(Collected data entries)
(* Let $\alpha$ be a partial action datum of $M$ on $X\in\mathscr{C}$ such that the coproducts $\coprod_{m\in M}X$ and $\coprod_{(m,n)\in M\times M}\operatorname{dom}\alpha_n$ exist. Then: (i) if $r\colon\alpha\to\beta$ is a reflection of $\alpha$ in $\mathrm{Act}_M(\mathscr{C})$, with $\beta$ acting on $Y$, then $H_{X,\beta}(r)\colon\psi\to\beta$ is a coequalizer of $p,q\colon\varphi\to\psi$ in $\mathrm{Act}_M(\mathscr{C})$; (ii) if $c\colon\psi\to\beta$ is a coequalizer of $p$ and $q$ in $\mathrm{Act}_M(\mathscr{C})$, then $c\circ u_e\colon\alpha\to\beta$ is a reflection of $\alpha$ in $\mathrm{Act}_M(\mathscr{C})$. In particular, $\alpha$ has a reflection in $\mathrm{Act}_M(\mathscr{C})$ if and only if $p$ and $q$ have a coequalizer in $\mathrm{Act}_M(\mathscr{C})$.
   Context: $M$ is a monoid with identity $e$ and $\mathscr{C}$ is a category with pullbacks. A partial action datum of $M$ on $X$ assigns to each $m\in M$ an isomorphism class of spans $[\operatorname{dom}\alpha_m,\iota_m,\alpha_m]$ with $\iota_m\colon\operatorname{dom}\alpha_m\to X$ a monomorphism and $\alpha_m\colon\operatorname{dom}\alpha_m\to X$ (isomorphism of spans: an isomorphism of apexes commuting with both legs); representatives are fixed. A global action of $M$ on $Y$ is a datum with $\beta(m)=[Y,\mathrm{id}_Y,\beta_m]$, $\beta_e=\mathrm{id}_Y$, $\beta_n\circ\beta_m=\beta_{nm}$. Given data $\alpha$ on $X$ and $\beta$ on $Y$ with representatives $[\operatorname{dom}\alpha_m,\iota_m,\alpha_m]$, $[\operatorname{dom}\beta_m,\kappa_m,\beta_m]$, a datum morphism $\alpha\to\beta$ is a morphism $f\colon X\to Y$ such that for each $m$ there is $f_m$ with $\kappa_m\circ f_m=f\circ\iota_m$, $\beta_m\circ f_m=f\circ\alpha_m$. $\mathrm{Act}_M(\mathscr{C})$ is the category of global actions with datum morphisms (for global actions these are the $g$ with $g\circ\beta_m=\gamma_m\circ g$). A reflection of $\alpha$ in $\mathrm{Act}_M(\mathscr{C})$ is a datum morphism $r\colon\alpha\to\beta$ with $\beta$ global such that for every datum morphism $f\colon\alpha\to\gamma$ with $\gamma$ global there is a unique datum morphism $f'\colon\beta\to\gamma$ with $f'\circ r=f$. Let $u_m\colon X\to\coprod_{m\in M}X$ and $u_{(m,n)}\colon\operatorname{dom}\alpha_n\to\coprod_{(m,n)}\operatorname{dom}\alpha_n$ be the coproduct inclusions; $p,q$ are the unique morphisms with $p\circ u_{(m,n)}=u_{mn}\circ\iota_n$, $q\circ u_{(m,n)}=u_m\circ\alpha_n$. $\varphi$ is the global action on $\coprod_{(s,t)}\operatorname{dom}\alpha_t$ with $\varphi_m\circ u_{(s,t)}=u_{(ms,t)}$, and $\psi$ is the global action on $\coprod_s X$ with $\psi_m\circ u_s=u_{ms}$; $p,q$ are morphisms $\varphi\to\psi$ in $\mathrm{Act}_M(\mathscr{C})$. For a global action $\gamma$ on $Z$ and $f\colon X\to Z$, $H_{X,\gamma}(f)$ is the unique morphism $\coprod_m X\to Z$ with $H_{X,\gamma}(f)\circ u_m=\gamma_m\circ f$. *)

Set Implicit Arguments.
Unset Strict Implicit.

Record Category := {
  Ob :> Type;
  Hom : Ob -> Ob -> Type;
  comp : forall a b c : Ob, Hom b c -> Hom a b -> Hom a c;
  idm : forall a : Ob, Hom a a;
  comp_assoc : forall a b c d (h : Hom c d) (g : Hom b c) (f : Hom a b),
      comp h (comp g f) = comp (comp h g) f;
  comp_id_l : forall a b (f : Hom a b), comp (idm b) f = f;
  comp_id_r : forall a b (f : Hom a b), comp f (idm a) = f
}.
Arguments comp {c0 a b c} g f.
Arguments idm {c0} a.
Arguments Hom {c0} a b.

Record Monoid := {
  mcar :> Type;
  mmul : mcar -> mcar -> mcar;
  munit : mcar;
  mmul_assoc : forall x y z, mmul x (mmul y z) = mmul (mmul x y) z;
  mmul_1l : forall x, mmul munit x = x;
  mmul_1r : forall x, mmul x munit = x
}.
Arguments mmul {m} x y.
Arguments munit {m}.

Section Cat.
Variable C : Category.

Definition mono (a b : C) (f : Hom a b) : Prop :=
  forall (z : C) (g h : Hom z a), comp f g = comp f h -> g = h.

Definition has_pullbacks : Prop :=
  forall (a b c : C) (f : Hom a c) (g : Hom b c),
    exists (P : C) (p1 : Hom P a) (p2 : Hom P b),
      comp f p1 = comp g p2 /\
      forall (Q : C) (q1 : Hom Q a) (q2 : Hom Q b), comp f q1 = comp g q2 ->
        exists! h : Hom Q P, comp p1 h = q1 /\ comp p2 h = q2.

Definition is_coproduct (I : Type) (F : I -> C) (S : C)
    (u : forall i, Hom (F i) S) : Prop :=
  forall (Z : C) (f : forall i, Hom (F i) Z),
    exists! h : Hom S Z, forall i, comp h (u i) = f i.

Lemma mono_id (a : C) : mono (idm a).
Proof. intros z g h H. rewrite !comp_id_l in H. exact H. Qed.

Variable M : Monoid.

(* A partial action datum of M on X, given by the fixed representatives
   [dom alpha_m, iota_m, alpha_m] of the span classes. *)
Record pdatum (X : C) := {
  pdom : M -> C;
  pinc : forall m, Hom (pdom m) X;
  pact : forall m, Hom (pdom m) X;
  pinc_mono : forall m, mono (pinc m)
}.

Record gaction (Y : C) := {
  gact : M -> Hom Y Y;
  gact_e : gact munit = idm Y;
  gact_mul : forall m n, comp (gact n) (gact m) = gact (mmul n m)
}.

Definition gdatum (Y : C) (b : gaction Y) : pdatum Y :=
  {| pdom := fun _ => Y; pinc := fun _ => idm Y; pact := gact b;
     pinc_mono := fun _ => @mono_id Y |}.

Definition datum_mor (X Y : C) (a : pdatum X) (b : pdatum Y) (f : Hom X Y) : Prop :=
  forall m, exists fm : Hom (pdom a m) (pdom b m),
    comp (pinc b m) fm = comp f (pinc a m) /\
    comp (pact b m) fm = comp f (pact a m).

Definition act_mor (Y Z : C) (b : gaction Y) (g : gaction Z) (f : Hom Y Z) : Prop :=
  datum_mor (gdatum b) (gdatum g) f.

Definition is_reflection (X : C) (a : pdatum X) (Y : C) (b : gaction Y)
    (r : Hom X Y) : Prop :=
  datum_mor a (gdatum b) r /\
  forall (Z : C) (g : gaction Z) (f : Hom X Z), datum_mor a (gdatum g) f ->
    exists! f' : Hom Y Z, act_mor b g f' /\ comp f' r = f.

Definition is_coequalizer (S2 S1 : C) (phi : gaction S2) (psi : gaction S1)
    (p q : Hom S2 S1) (Y : C) (b : gaction Y) (c : Hom S1 Y) : Prop :=
  act_mor psi b c /\ comp c p = comp c q /\
  forall (Z : C) (g : gaction Z) (k : Hom S1 Z),
    act_mor psi g k -> comp k p = comp k q ->
    exists! k' : Hom Y Z, act_mor b g k' /\ comp k' c = k.

End Cat.


Set Implicit Arguments.

(* Write u := u1 for the coproduct injections of S1 = ∐_m X and
   let ψ be the free action on S1.  For a global action γ on Z there is a
   bijection ("transpose") between
     - datum morphisms f : α -> γ, and
     - morphisms of actions k : ψ -> γ with k ∘ p = k ∘ q,
   given by k ↦ k ∘ u_e and f ↦ H_f, the map with H_f ∘ u_m = γ_m ∘ f.
   Equivariant maps out of ψ are determined by their restriction along u_e,
   so the two assignments are mutually inverse.  Under this bijection a
   reflection of α (an initial datum morphism into a global action) corresponds
   exactly to a coequalizer of p and q in Act_M(C) (an initial such k), which
   gives (i) and (ii); the final equivalence follows because H_r always exists
   as S1 is a coproduct. *)

Section Equations.
Variables (C : Category) (M : Monoid).

Lemma act_mor_iff (Y Z : C) (b : gaction M Y) (g : gaction M Z) (f : Hom Y Z) :
  act_mor b g f <-> forall m, comp (gact g m) f = comp f (gact b m).
Proof.
  unfold act_mor, datum_mor; simpl; split.
  - intros H m. destruct (H m) as [fm [Hinc Hact]].
    rewrite comp_id_l, comp_id_r in Hinc. subst fm. exact Hact.
  - intros H m. exists f. split.
    + rewrite comp_id_l, comp_id_r. reflexivity.
    + apply H.
Qed.

Lemma datum_mor_gdatum_iff (X Z : C) (a : pdatum M X) (g : gaction M Z)
  (f : Hom X Z) :
  datum_mor a (gdatum g) f <->
  forall m, comp (gact g m) (comp f (pinc a m)) = comp f (pact a m).
Proof.
  unfold datum_mor; simpl; split.
  - intros H m. destruct (H m) as [fm [Hinc Hact]].
    rewrite comp_id_l in Hinc. subst fm. exact Hact.
  - intros H m. exists (comp f (pinc a m)). split.
    + rewrite comp_id_l. reflexivity.
    + apply H.
Qed.

Lemma act_mor_commutes (Y Z : C) (b : gaction M Y) (g : gaction M Z)
  (f : Hom Y Z) :
  act_mor b g f -> forall m, comp (gact g m) f = comp f (gact b m).
Proof. apply act_mor_iff. Qed.

Lemma datum_mor_gdatum_commutes (X Z : C) (a : pdatum M X) (g : gaction M Z)
  (f : Hom X Z) : datum_mor a (gdatum g) f ->
  forall m, comp (gact g m) (comp f (pinc a m)) = comp f (pact a m).
Proof. apply datum_mor_gdatum_iff. Qed.

Lemma act_mor_comp (Y Z W : C) (b : gaction M Y) (g : gaction M Z)
  (w : gaction M W) (f : Hom Y Z) (h : Hom Z W) :
  act_mor b g f -> act_mor g w h -> act_mor b w (comp h f).
Proof.
  intros Hf Hh. apply act_mor_iff. intros m.
  rewrite comp_assoc, (act_mor_commutes Hh), <- comp_assoc,
    (act_mor_commutes Hf), comp_assoc.
  reflexivity.
Qed.

Lemma coprod_ext (I : Type) (F : I -> C) (S : C) (u : forall i, Hom (F i) S)
  (Hu : is_coproduct u) (Z : C) (h k : Hom S Z) :
  (forall i, comp h (u i) = comp k (u i)) -> h = k.
Proof.
  intros E. destruct (Hu Z (fun i => comp k (u i))) as [x [_ Hx]].
  transitivity x; [symmetry|]; apply Hx; auto.
Qed.

End Equations.

Section Transpose.
Variables (C : Category) (M : Monoid) (X : C) (alpha : pdatum M X).
Variables (S1 : C) (u1 : M -> Hom X S1).
Hypothesis Hu1 : is_coproduct (F := fun _ : M => X) u1.
Variables (S2 : C) (u2 : forall mn : M * M, Hom (pdom alpha (snd mn)) S2).
Hypothesis Hu2 : is_coproduct (F := fun mn : M * M => pdom alpha (snd mn)) u2.
Variables (p q : Hom S2 S1).
Hypothesis Hp : forall m n : M,
  comp p (u2 (m, n)) = comp (u1 (mmul m n)) (pinc alpha n).
Hypothesis Hq : forall m n : M, comp q (u2 (m, n)) = comp (u1 m) (pact alpha n).
Variable psi : gaction M S1.
Hypothesis Hpsi : forall m s : M, comp (gact psi m) (u1 s) = u1 (mmul m s).

Definition is_transpose (Z : C) (g : gaction M Z) (f : Hom X Z) (H : Hom S1 Z)
  : Prop := forall m, comp H (u1 m) = comp (gact g m) f.

Lemma transpose_exists (Z : C) (g : gaction M Z) (f : Hom X Z) :
  exists H, is_transpose g f H.
Proof.
  destruct (Hu1 Z (fun m => comp (gact g m) f)) as [H [HH _]]. now exists H.
Qed.

Lemma transpose_unit (Z : C) (g : gaction M Z) (f : Hom X Z) (H : Hom S1 Z) :
  is_transpose g f H -> comp H (u1 munit) = f.
Proof. intros HH. rewrite HH, gact_e, comp_id_l. reflexivity. Qed.

Lemma equivariant_is_transpose (Z : C) (g : gaction M Z) (k : Hom S1 Z) :
  act_mor psi g k -> is_transpose g (comp k (u1 munit)) k.
Proof.
  intros Hk m.
  rewrite comp_assoc, (act_mor_commutes Hk), <- comp_assoc, Hpsi, mmul_1r. reflexivity.
Qed.

Lemma equivariant_ext (Z : C) (g : gaction M Z) (k k' : Hom S1 Z) :
  act_mor psi g k -> act_mor psi g k' ->
  comp k (u1 munit) = comp k' (u1 munit) -> k = k'.
Proof.
  intros Hk Hk' E. apply (coprod_ext Hu1). intros m.
  rewrite (equivariant_is_transpose Hk m), (equivariant_is_transpose Hk' m), E.
  reflexivity.
Qed.

Lemma transpose_equivariant (Z : C) (g : gaction M Z) (f : Hom X Z)
  (H : Hom S1 Z) : is_transpose g f H -> act_mor psi g H.
Proof.
  intros HH. apply act_mor_iff. intros m. apply (coprod_ext Hu1). intros s.
  rewrite <- comp_assoc, HH, <- comp_assoc, Hpsi, HH, comp_assoc, gact_mul.
  reflexivity.
Qed.

(* The transpose of a datum morphism coequalizes p and q: on the summand
   (m, n) both sides reduce to γ_m ∘ γ_n ∘ f ∘ ι_n = γ_m ∘ f ∘ α_n. *)
Lemma transpose_coequalizes (Z : C) (g : gaction M Z) (f : Hom X Z)
  (H : Hom S1 Z) :
  datum_mor alpha (gdatum g) f -> is_transpose g f H -> comp H p = comp H q.
Proof.
  intros Hdatum HH. pose proof (datum_mor_gdatum_commutes Hdatum) as Hf.
  apply (coprod_ext Hu2). intros [m n].
  pose proof (Hp m n) as Ep; pose proof (Hq m n) as Eq; cbn [snd] in Ep, Eq |- *.
  rewrite <- !comp_assoc, Ep, Eq, !comp_assoc, !HH.
  rewrite <- (gact_mul g n m), <- !comp_assoc, Hf. reflexivity.
Qed.

(* Conversely, the restriction of an equivariant arrow coequalizing p and q is
   a datum morphism: compare both sides on the summand (e, m). *)
Lemma restriction_datum_mor (Z : C) (g : gaction M Z) (k : Hom S1 Z) :
  act_mor psi g k -> comp k p = comp k q ->
  datum_mor alpha (gdatum g) (comp k (u1 munit)).
Proof.
  intros Hk Hpq. apply datum_mor_gdatum_iff. intros m.
  assert (E := f_equal (fun h => comp h (u2 (munit, m))) Hpq).
  pose proof (Hp munit m) as Ep; pose proof (Hq munit m) as Eq.
  cbn [snd] in Ep, Eq, E |- *.
  rewrite <- !comp_assoc, Ep, Eq, mmul_1l, !comp_assoc in E.
  rewrite (equivariant_is_transpose Hk m) in E. rewrite comp_assoc. exact E.
Qed.

(* The action φ on S2 only serves to place p, q in Act_M(C); the universal
   property of their coequalizer does not depend on it (nor on pullbacks). *)
Variable phi : gaction M S2.

Lemma reflection_transpose_coequalizer (Y : C) (beta : gaction M Y)
  (r : Hom X Y) (H : Hom S1 Y) :
  is_reflection alpha beta r -> is_transpose beta r H ->
  is_coequalizer phi psi p q beta H.
Proof.
  intros [Hr Huniv] HH.
  assert (HHe : act_mor psi beta H) by exact (transpose_equivariant HH).
  split; [exact HHe|]. split; [exact (transpose_coequalizes Hr HH)|].
  intros Z g k Hk Hpq.
  destruct (Huniv Z g _ (restriction_datum_mor Hk Hpq))
    as [f' [[Hf'e Hf'r] Hf'uniq]].
  exists f'. split.
  - split; [exact Hf'e|].
    apply (equivariant_ext (act_mor_comp HHe Hf'e) Hk).
    rewrite <- comp_assoc, (transpose_unit HH). exact Hf'r.
  - intros k'' [Hk''e Hk''c]. apply Hf'uniq. split; [exact Hk''e|].
    rewrite <- Hk''c, <- comp_assoc, (transpose_unit HH). reflexivity.
Qed.

Lemma coequalizer_restriction_reflection (Y : C) (beta : gaction M Y)
  (c : Hom S1 Y) :
  is_coequalizer phi psi p q beta c ->
  is_reflection alpha beta (comp c (u1 munit)).
Proof.
  intros [Hce [Hcpq Huniv]]. split; [exact (restriction_datum_mor Hce Hcpq)|].
  intros Z g f Hf.
  destruct (transpose_exists g f) as [K HK].
  destruct (Huniv Z g K (transpose_equivariant HK) (transpose_coequalizes Hf HK))
    as [k' [[Hk'e Hk'c] Hk'uniq]].
  exists k'. split.
  - split; [exact Hk'e|].
    rewrite comp_assoc, Hk'c. exact (transpose_unit HK).
  - intros f'' [Hf''e Hf''r]. apply Hk'uniq. split; [exact Hf''e|].
    apply (equivariant_ext (act_mor_comp Hce Hf''e) (transpose_equivariant HK)).
    rewrite <- comp_assoc, Hf''r, (transpose_unit HK). reflexivity.
Qed.

End Transpose.

Theorem mainTheorem15 (C : Category) (HC : has_pullbacks C) (M : Monoid)
  (X : C) (alpha : pdatum M X)
  (S1 : C) (u1 : M -> Hom X S1)
  (Hu1 : is_coproduct (F := fun _ : M => X) u1)
  (S2 : C) (u2 : forall mn : M * M, Hom (pdom alpha (snd mn)) S2)
  (Hu2 : is_coproduct (F := fun mn : M * M => pdom alpha (snd mn)) u2)
  (p q : Hom S2 S1)
  (Hp : forall m n : M, comp p (u2 (m, n)) = comp (u1 (mmul m n)) (pinc alpha n))
  (Hq : forall m n : M, comp q (u2 (m, n)) = comp (u1 m) (pact alpha n))
  (phi : gaction M S2)
  (Hphi : forall m s t : M, comp (gact phi m) (u2 (s, t)) = u2 (mmul m s, t))
  (psi : gaction M S1)
  (Hpsi : forall m s : M, comp (gact psi m) (u1 s) = u1 (mmul m s)) :
  (forall (Y : C) (beta : gaction M Y) (r : Hom X Y),
      is_reflection alpha beta r ->
      forall H : Hom S1 Y, (forall m : M, comp H (u1 m) = comp (gact beta m) r) ->
        is_coequalizer phi psi p q beta H)
  /\
  (forall (Y : C) (beta : gaction M Y) (c : Hom S1 Y),
      is_coequalizer phi psi p q beta c ->
      is_reflection alpha beta (comp c (u1 munit)))
  /\
  ((exists (Y : C) (beta : gaction M Y) (r : Hom X Y), is_reflection alpha beta r)
   <->
   (exists (Y : C) (beta : gaction M Y) (c : Hom S1 Y),
      is_coequalizer phi psi p q beta c)).
Proof.
  split; [|split].
  - intros Y beta r Hr H HH.
    eapply reflection_transpose_coequalizer; eassumption.
  - intros Y beta c Hc.
    eapply coequalizer_restriction_reflection; eassumption.
  - split.
    + intros [Y [beta [r Hr]]].
      destruct (transpose_exists Hu1 beta r) as [H HH].
      exists Y, beta, H. eapply reflection_transpose_coequalizer; eassumption.
    + intros [Y [beta [c Hc]]].
      exists Y, beta, (comp c (u1 munit)).
      eapply coequalizer_restriction_reflection; eassumption.
Qed.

> _Exercise aim_
Filter by the word "initial": copy every line of the data that holds it.

> _Solution to this problem_
   reflection of α (an initial datum morphism into a global action) corresponds
   exactly to a coequalizer of p and q in Act_M(C) (an initial such k), which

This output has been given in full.